### WHAT YOU NEED TO DO
Throughout the records below, find the lines with the string "replace" and give how many there are, nothing else.

___ MATERIAL PROVIDED ___

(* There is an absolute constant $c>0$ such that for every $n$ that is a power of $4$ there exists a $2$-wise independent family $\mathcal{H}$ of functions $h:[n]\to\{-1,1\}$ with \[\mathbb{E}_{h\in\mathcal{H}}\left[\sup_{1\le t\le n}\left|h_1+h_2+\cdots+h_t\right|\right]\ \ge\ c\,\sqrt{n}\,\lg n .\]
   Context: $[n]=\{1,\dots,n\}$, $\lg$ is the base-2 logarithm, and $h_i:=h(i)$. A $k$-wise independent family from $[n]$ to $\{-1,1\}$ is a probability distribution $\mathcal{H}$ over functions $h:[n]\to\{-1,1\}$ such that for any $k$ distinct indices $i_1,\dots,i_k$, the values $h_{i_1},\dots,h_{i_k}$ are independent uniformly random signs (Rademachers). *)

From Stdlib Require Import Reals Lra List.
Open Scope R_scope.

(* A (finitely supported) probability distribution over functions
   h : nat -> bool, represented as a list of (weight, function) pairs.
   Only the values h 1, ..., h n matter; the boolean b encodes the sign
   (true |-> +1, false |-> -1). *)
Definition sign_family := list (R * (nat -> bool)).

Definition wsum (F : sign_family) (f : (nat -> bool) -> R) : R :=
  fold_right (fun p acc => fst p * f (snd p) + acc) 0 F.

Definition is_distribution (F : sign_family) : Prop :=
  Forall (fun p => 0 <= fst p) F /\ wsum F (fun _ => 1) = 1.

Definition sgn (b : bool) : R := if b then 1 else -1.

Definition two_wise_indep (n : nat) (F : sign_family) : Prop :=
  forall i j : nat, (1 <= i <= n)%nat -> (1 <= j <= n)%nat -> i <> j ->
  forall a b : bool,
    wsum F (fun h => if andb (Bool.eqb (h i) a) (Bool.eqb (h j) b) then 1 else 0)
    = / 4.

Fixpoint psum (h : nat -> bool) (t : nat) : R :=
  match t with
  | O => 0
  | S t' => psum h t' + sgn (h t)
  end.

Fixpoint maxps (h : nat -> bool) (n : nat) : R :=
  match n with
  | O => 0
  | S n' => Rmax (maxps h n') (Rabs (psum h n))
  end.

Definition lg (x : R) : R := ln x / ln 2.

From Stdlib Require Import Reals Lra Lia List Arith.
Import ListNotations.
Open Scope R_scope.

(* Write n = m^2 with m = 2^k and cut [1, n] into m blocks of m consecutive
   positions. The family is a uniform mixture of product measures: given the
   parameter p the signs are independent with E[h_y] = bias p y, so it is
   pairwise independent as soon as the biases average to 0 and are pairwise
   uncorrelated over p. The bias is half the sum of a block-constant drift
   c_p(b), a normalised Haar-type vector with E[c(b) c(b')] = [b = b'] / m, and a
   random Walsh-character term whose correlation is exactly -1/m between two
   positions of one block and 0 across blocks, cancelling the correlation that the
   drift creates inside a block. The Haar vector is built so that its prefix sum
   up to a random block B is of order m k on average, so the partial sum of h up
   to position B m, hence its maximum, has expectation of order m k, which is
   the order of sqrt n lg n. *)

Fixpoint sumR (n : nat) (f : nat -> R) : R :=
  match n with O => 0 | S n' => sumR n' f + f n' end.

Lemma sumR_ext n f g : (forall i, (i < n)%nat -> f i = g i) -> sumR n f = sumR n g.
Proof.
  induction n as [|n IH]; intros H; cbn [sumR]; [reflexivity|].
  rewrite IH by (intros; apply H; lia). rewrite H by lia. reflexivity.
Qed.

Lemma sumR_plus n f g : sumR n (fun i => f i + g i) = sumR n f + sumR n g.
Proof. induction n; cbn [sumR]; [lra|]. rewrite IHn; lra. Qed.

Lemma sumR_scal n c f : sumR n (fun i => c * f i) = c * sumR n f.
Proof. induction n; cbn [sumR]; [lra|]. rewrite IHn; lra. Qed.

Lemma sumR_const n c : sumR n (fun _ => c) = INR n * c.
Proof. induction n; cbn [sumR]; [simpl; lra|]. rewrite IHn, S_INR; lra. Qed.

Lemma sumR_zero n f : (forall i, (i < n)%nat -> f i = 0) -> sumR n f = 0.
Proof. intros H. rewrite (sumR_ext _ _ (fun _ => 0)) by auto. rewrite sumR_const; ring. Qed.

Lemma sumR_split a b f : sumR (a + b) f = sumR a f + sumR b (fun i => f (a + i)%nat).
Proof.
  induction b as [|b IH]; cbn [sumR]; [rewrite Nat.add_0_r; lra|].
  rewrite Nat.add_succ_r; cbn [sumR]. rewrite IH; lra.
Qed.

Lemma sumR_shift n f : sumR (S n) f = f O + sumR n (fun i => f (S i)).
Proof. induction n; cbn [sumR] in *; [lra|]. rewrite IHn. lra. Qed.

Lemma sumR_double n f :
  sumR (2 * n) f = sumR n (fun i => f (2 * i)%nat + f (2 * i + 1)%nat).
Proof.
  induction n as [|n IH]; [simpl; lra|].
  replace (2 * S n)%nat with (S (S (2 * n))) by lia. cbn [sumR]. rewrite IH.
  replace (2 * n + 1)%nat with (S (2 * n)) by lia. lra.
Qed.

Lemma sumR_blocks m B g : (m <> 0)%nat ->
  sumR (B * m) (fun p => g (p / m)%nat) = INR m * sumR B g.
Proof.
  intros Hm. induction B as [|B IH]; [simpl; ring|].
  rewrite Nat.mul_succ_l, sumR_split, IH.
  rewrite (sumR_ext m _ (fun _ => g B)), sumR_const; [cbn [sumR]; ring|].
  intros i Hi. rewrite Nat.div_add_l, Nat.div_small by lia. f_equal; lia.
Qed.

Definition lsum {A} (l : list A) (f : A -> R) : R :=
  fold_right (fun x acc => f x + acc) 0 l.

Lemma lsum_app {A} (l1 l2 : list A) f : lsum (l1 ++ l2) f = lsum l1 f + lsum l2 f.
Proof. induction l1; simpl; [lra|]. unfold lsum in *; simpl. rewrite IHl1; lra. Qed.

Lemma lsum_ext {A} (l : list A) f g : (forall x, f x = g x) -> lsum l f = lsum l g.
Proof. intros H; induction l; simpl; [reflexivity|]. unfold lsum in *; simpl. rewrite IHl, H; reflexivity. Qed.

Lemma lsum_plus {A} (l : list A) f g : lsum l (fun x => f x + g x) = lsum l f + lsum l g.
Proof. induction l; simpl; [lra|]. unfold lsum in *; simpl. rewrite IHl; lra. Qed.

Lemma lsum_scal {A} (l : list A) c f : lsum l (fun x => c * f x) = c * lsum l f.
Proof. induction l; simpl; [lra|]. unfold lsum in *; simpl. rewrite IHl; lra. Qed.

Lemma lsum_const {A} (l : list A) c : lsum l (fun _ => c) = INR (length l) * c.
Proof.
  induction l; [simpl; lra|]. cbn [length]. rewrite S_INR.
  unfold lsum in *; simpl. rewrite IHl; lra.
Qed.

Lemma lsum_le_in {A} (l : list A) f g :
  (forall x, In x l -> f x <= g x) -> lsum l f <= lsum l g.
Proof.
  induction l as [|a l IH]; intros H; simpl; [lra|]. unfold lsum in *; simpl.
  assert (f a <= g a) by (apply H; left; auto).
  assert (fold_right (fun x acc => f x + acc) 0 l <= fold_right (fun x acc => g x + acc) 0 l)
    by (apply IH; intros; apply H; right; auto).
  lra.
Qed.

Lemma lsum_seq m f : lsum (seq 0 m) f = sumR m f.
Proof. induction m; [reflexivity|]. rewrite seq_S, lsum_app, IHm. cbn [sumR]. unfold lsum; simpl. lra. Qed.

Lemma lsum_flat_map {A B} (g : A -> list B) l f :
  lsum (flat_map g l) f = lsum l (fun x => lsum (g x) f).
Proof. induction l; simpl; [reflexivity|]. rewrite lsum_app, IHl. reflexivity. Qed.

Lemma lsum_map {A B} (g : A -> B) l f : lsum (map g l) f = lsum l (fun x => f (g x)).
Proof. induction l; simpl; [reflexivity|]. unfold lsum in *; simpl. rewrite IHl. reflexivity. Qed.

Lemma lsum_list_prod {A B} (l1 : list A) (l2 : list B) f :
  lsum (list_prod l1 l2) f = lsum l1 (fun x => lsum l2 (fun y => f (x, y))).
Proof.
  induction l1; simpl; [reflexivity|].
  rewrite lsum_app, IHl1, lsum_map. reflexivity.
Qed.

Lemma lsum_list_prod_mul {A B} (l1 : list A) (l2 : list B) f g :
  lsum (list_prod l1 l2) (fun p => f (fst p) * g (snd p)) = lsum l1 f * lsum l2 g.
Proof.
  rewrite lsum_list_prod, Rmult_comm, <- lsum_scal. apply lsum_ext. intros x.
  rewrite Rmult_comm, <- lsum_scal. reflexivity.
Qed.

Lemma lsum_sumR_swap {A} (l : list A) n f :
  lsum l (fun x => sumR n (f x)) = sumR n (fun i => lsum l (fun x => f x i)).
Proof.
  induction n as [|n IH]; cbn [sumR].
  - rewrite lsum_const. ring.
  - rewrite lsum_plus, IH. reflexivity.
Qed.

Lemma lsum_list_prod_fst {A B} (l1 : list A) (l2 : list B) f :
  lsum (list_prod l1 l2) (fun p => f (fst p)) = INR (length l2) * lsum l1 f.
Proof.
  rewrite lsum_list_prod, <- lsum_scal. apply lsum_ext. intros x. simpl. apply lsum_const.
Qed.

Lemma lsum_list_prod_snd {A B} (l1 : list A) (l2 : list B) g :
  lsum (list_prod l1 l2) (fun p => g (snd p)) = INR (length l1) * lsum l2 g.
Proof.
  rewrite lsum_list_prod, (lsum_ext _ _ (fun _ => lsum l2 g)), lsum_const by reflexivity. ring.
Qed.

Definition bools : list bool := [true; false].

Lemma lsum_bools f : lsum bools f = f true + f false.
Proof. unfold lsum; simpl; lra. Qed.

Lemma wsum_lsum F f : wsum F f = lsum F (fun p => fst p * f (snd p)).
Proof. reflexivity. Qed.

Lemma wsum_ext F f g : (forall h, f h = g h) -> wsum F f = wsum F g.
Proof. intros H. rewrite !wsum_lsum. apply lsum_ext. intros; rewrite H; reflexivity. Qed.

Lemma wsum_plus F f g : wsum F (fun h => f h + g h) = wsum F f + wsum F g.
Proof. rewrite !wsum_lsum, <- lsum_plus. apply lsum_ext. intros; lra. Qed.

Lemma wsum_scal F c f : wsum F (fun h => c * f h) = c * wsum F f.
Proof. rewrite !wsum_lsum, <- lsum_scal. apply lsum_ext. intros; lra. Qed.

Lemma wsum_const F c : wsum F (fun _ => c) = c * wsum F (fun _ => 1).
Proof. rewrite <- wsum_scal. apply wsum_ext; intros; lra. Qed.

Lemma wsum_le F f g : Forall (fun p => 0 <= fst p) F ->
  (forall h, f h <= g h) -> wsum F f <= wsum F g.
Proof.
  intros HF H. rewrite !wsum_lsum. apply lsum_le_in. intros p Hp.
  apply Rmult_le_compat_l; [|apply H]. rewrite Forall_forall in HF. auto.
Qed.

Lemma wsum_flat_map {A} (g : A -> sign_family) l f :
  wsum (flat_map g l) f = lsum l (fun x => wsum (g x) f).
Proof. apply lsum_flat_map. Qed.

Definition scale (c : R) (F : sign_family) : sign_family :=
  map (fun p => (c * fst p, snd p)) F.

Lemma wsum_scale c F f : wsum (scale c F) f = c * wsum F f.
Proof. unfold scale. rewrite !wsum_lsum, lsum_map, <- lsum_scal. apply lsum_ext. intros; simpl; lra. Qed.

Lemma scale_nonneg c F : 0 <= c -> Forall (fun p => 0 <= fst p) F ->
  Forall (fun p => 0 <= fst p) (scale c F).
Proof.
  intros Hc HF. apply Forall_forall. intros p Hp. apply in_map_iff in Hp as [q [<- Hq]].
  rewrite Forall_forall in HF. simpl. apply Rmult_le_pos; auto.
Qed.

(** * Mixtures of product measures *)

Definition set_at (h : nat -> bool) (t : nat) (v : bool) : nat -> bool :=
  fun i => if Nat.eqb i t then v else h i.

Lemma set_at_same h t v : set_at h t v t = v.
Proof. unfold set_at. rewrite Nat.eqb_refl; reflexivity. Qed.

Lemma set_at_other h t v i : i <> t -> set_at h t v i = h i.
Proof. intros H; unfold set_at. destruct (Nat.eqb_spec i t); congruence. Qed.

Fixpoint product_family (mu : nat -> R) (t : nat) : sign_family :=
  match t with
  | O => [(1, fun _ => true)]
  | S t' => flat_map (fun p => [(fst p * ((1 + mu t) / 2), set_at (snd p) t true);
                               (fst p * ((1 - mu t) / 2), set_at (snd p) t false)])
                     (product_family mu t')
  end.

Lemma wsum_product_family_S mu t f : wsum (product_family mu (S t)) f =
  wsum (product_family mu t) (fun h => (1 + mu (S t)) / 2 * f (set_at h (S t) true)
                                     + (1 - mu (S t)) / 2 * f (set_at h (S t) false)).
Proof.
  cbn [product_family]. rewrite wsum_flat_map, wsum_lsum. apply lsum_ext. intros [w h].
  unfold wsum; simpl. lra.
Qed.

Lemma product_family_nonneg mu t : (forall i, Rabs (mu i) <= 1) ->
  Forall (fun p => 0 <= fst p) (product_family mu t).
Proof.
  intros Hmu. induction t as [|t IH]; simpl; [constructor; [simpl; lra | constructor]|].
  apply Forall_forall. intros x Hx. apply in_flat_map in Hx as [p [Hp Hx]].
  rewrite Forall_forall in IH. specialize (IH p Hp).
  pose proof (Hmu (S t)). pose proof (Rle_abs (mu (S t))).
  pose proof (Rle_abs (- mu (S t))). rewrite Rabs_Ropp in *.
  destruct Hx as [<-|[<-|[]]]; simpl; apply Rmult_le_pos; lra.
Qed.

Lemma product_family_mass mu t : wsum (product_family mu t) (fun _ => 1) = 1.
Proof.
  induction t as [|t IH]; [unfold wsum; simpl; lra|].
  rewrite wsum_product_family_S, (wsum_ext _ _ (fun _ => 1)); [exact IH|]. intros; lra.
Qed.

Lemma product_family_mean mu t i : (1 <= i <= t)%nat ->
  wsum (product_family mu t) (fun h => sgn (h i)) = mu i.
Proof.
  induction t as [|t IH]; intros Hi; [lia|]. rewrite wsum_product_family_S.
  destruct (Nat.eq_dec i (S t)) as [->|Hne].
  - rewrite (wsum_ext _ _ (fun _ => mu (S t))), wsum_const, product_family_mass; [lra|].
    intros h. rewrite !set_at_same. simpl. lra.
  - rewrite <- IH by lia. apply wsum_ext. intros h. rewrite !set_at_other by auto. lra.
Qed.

___
___ MATERIAL PROVIDED ___

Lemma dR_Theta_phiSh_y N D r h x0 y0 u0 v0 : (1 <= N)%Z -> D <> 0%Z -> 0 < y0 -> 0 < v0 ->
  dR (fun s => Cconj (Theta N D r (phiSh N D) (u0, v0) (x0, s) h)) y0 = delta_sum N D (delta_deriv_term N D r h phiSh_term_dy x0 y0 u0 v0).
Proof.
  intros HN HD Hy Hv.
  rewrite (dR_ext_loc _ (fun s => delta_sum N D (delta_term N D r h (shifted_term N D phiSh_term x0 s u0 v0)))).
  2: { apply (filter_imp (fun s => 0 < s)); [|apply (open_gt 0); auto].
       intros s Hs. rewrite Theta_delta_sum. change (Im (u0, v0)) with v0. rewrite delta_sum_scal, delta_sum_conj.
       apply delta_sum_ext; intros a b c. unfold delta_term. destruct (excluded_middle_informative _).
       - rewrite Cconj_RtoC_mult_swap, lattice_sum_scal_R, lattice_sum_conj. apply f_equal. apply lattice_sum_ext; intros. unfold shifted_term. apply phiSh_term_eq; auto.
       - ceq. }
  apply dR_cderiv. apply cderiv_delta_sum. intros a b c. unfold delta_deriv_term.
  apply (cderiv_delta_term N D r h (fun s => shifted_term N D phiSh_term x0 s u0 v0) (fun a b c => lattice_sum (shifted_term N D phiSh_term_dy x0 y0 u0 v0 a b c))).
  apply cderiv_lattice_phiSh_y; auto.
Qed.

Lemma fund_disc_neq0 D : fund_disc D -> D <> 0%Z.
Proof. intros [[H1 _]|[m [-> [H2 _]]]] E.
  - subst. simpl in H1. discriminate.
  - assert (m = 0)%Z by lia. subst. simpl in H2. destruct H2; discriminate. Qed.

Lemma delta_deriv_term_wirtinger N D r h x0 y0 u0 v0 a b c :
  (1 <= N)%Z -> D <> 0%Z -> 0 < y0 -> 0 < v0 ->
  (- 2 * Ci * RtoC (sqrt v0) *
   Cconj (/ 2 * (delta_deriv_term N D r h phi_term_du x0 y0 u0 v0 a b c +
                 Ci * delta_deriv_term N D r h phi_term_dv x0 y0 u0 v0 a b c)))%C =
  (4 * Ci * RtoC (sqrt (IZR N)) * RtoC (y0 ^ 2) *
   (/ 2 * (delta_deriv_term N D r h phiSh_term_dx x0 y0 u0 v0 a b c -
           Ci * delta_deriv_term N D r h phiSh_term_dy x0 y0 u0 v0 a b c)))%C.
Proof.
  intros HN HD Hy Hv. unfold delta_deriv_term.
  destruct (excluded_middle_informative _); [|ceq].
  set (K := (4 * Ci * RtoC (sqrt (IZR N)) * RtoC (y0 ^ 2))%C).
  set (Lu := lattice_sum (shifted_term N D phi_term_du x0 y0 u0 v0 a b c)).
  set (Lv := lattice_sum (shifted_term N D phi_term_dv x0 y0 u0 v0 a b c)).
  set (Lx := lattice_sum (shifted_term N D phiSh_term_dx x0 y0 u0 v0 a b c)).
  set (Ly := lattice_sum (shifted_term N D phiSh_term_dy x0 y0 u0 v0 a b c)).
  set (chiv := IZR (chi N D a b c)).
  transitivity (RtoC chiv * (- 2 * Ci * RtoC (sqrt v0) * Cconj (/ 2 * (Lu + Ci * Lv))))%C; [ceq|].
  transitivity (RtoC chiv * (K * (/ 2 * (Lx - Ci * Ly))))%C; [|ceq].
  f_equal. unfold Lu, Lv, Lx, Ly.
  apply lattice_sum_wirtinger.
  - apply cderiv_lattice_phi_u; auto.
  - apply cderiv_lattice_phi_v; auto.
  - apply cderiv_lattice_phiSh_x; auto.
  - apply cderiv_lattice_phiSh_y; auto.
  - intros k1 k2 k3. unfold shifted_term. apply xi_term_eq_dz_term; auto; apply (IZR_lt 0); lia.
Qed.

___

### SOLUTION FOR THIS TASK
2